Oggetti realizzati dalla comunità Waorani

Fonte: Sara Pangione

Prodotti realizzati interamente a mano dalle donne della comunità Waorani con materiali naturali

Hai iniziato da poco a condividere la tua avventura di vita sui social ma hai già tantissimi sostenitori. Quali sono le domande più strane e curiose che ti arrivano?
Sì, devo ammettere che non mi aspettavo di ricevere così tanti messaggi e di raggiungere così tante persone! È stato davvero sorprendente e sono molto grata per il sostegno che ricevo. Tra le domande più curiose che mi arrivano, quella che viene ripetuta più spesso riguarda il motivo della mia scelta di trasferirmi in Ecuador. Un’altra domanda frequente è su come riesco ad avere elettricità e a usare internet qui nella foresta. La nostra casa è dotata di pannelli solari, quindi utilizziamo l’energia solare e per quanto riguarda la connessione, abbiamo un internet satellitare! Il mio fidanzato gestisce una fondazione che accoglie turisti e volontari internazionali da circa quattro anni. Grazie a questo, ha potuto investire molto nella casa in cui viviamo per poter lavorare e restare connessi anche in questo angolo remoto del mondo, ma è importante sottolineare che questa è un’eccezione! Nella comunità nessun’altra famiglia dispone di questi servizi, che sono piuttosto costosi e considerati un vero e proprio lusso.

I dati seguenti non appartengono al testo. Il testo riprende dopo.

(* For all deterministic parity tree automata $A$ and $B$, Duplicator has a winning strategy in the automata game $G(A,B)$ if and only if $L(A)\le_W L(B)$.
   Context: A deterministic parity tree automaton is $A=\langle\Sigma,Q,\delta,q_0,\mathrm{rank}\rangle$ with $\delta:Q\times\Sigma\to Q\times Q$ total; we write $q\xrightarrow{\sigma}q_1,q_2$ for $\delta(q,\sigma)=(q_1,q_2)$. A run is accepting if on every path the highest rank seen infinitely often is even; $L(A)$ is the set of accepted trees. A state is all-rejecting if the automaton started there accepts no tree; $\bot$ denotes such a state. $\le_W$ is continuous (Wadge) reducibility between subsets of tree spaces $T_\Sigma$ with the standard Cantor-type metric. The automata game $G(A,B)$: initially one token of Spoiler is in the initial state of $A$ and one token of Duplicator in the initial state of $B$. In each round each player performs finitely many actions of the following kinds on his own automaton: (fire) for a token in state $q$ choose a transition $q\xrightarrow{\sigma}q_1,q_2$, remove the token and place new tokens in $q_1$ and $q_2$; (remove) remove a token lying in a state other than $\bot$. Spoiler (on $A$) must in each round perform an action for every token created in the previous round; Duplicator (on $B$) may postpone acting on a token, but not forever. The tokens of each player trace a partial run of the respective automaton; a removed token is interpreted as plugging in an accepting subrun at the corresponding node, yielding a full run of each automaton. Duplicator wins iff both resulting runs are accepting or both are rejecting. *)

From HB Require Import structures.
From mathcomp Require Import all_boot.

Set Implicit Arguments.
Unset Strict Implicit.
Unset Printing Implicit Defensive.

(* Nodes are finite words over {false = left, true = right}, read from the root. *)
Definition node := seq bool.
Definition tree (S : Type) := node -> S.

Definition prefix (pi : nat -> bool) (n : nat) : node := mkseq pi n.

Record dpta := DPTA {
  Sig : finType;
  St : finType;
  delta : St -> Sig -> St * St;
  init : St;
  rank : St -> nat
}.

Definition dir (Q : Type) (d : bool) (p : Q * Q) : Q := if d then p.2 else p.1.

Fixpoint runFrom (A : dpta) (q : St A) (t : tree (Sig A)) (w : node) : St A :=
  match w with
  | [::] => q
  | d :: w' => runFrom (dir d (delta q (t [::]))) (fun v => t (d :: v)) w'
  end.

Definition inf_often (r : nat -> nat) (m : nat) : Prop :=
  forall N, exists n, N <= n /\ r n = m.

Definition parity_ok (r : nat -> nat) : Prop :=
  exists m, ~~ odd m /\ inf_often r m /\ (forall m', inf_often r m' -> m' <= m).

Definition accepting_run (A : dpta) (rho : node -> St A) : Prop :=
  forall pi : nat -> bool, parity_ok (fun n => rank (rho (prefix pi n))).

Definition accepts (A : dpta) (q : St A) (t : tree (Sig A)) : Prop :=
  accepting_run (runFrom q t).

Definition lang (A : dpta) : tree (Sig A) -> Prop := fun t => accepts (init A) t.

Definition all_rejecting (A : dpta) (q : St A) : Prop :=
  forall t : tree (Sig A), ~ accepts q t.

(* continuity w.r.t. the standard metric d(t,t') = 2^-(least depth of difference) *)
Definition continuous (S T : Type) (f : tree S -> tree T) : Prop :=
  forall (t : tree S) (n : nat), exists m : nat, forall t' : tree S,
    (forall w : node, size w <= m -> t' w = t w) ->
    forall w : node, size w <= n -> f t' w = f t w.

Definition wadge_le (S T : Type) (L : tree S -> Prop) (M : tree T -> Prop) : Prop :=
  exists f : tree S -> tree T, continuous f /\ forall t, L t <-> M (f t).

(* A position of one player records, for each node, whether a token there has been
   fired (with the chosen letter, i.e. transition), removed, or not acted upon. *)
Inductive status (S : Type) := Untouched | Fired of S | Removed.
Arguments Untouched {S}.
Arguments Removed {S}.

Definition pos (A : dpta) := node -> status (Sig A).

Che consigli ti senti di dare a chi vorrebbe cambiare la sua vita, e magari trasferirsi dall’altra parte del mondo proprio come hai fatto tu?
È importante seguire la propria curiosità e il desiderio di sperimentare. Nel mio caso, tutto è iniziato con il desiderio di vivere esperienze che avevo osservato da lontano e di poter far pratica nel mio ambito professionale. L’arrivo in Amazzonia è stato in un certo senso una coincidenza: mi sono innamorata non solo di un luogo, ma anche di una persona!
Un consiglio che mi sento di dare, sia a chi sta pensando di partire per un’esperienza di volontariato sia a chi sta valutando di trasferirsi in una nuova parte del mondo, specialmente in contesti del Sud globale, è di fare molta attenzione e riflessione prima di intraprendere questo tipo di avventura. È fondamentale essere consapevoli e rispettosi, evitando di cadere nel modello del “salvatore bianco” che può essere involontariamente imposto. Piuttosto, cerchiamo sempre di avvicinarci con un’autentica volontà di ascoltare e supportare le comunità locali. Ogni esperienza dovrebbe essere un’opportunità per imparare e contribuire in modo significativo, senza pregiudizi e con un profondo rispetto per la cultura e le sfide del luogo in cui ci troviamo.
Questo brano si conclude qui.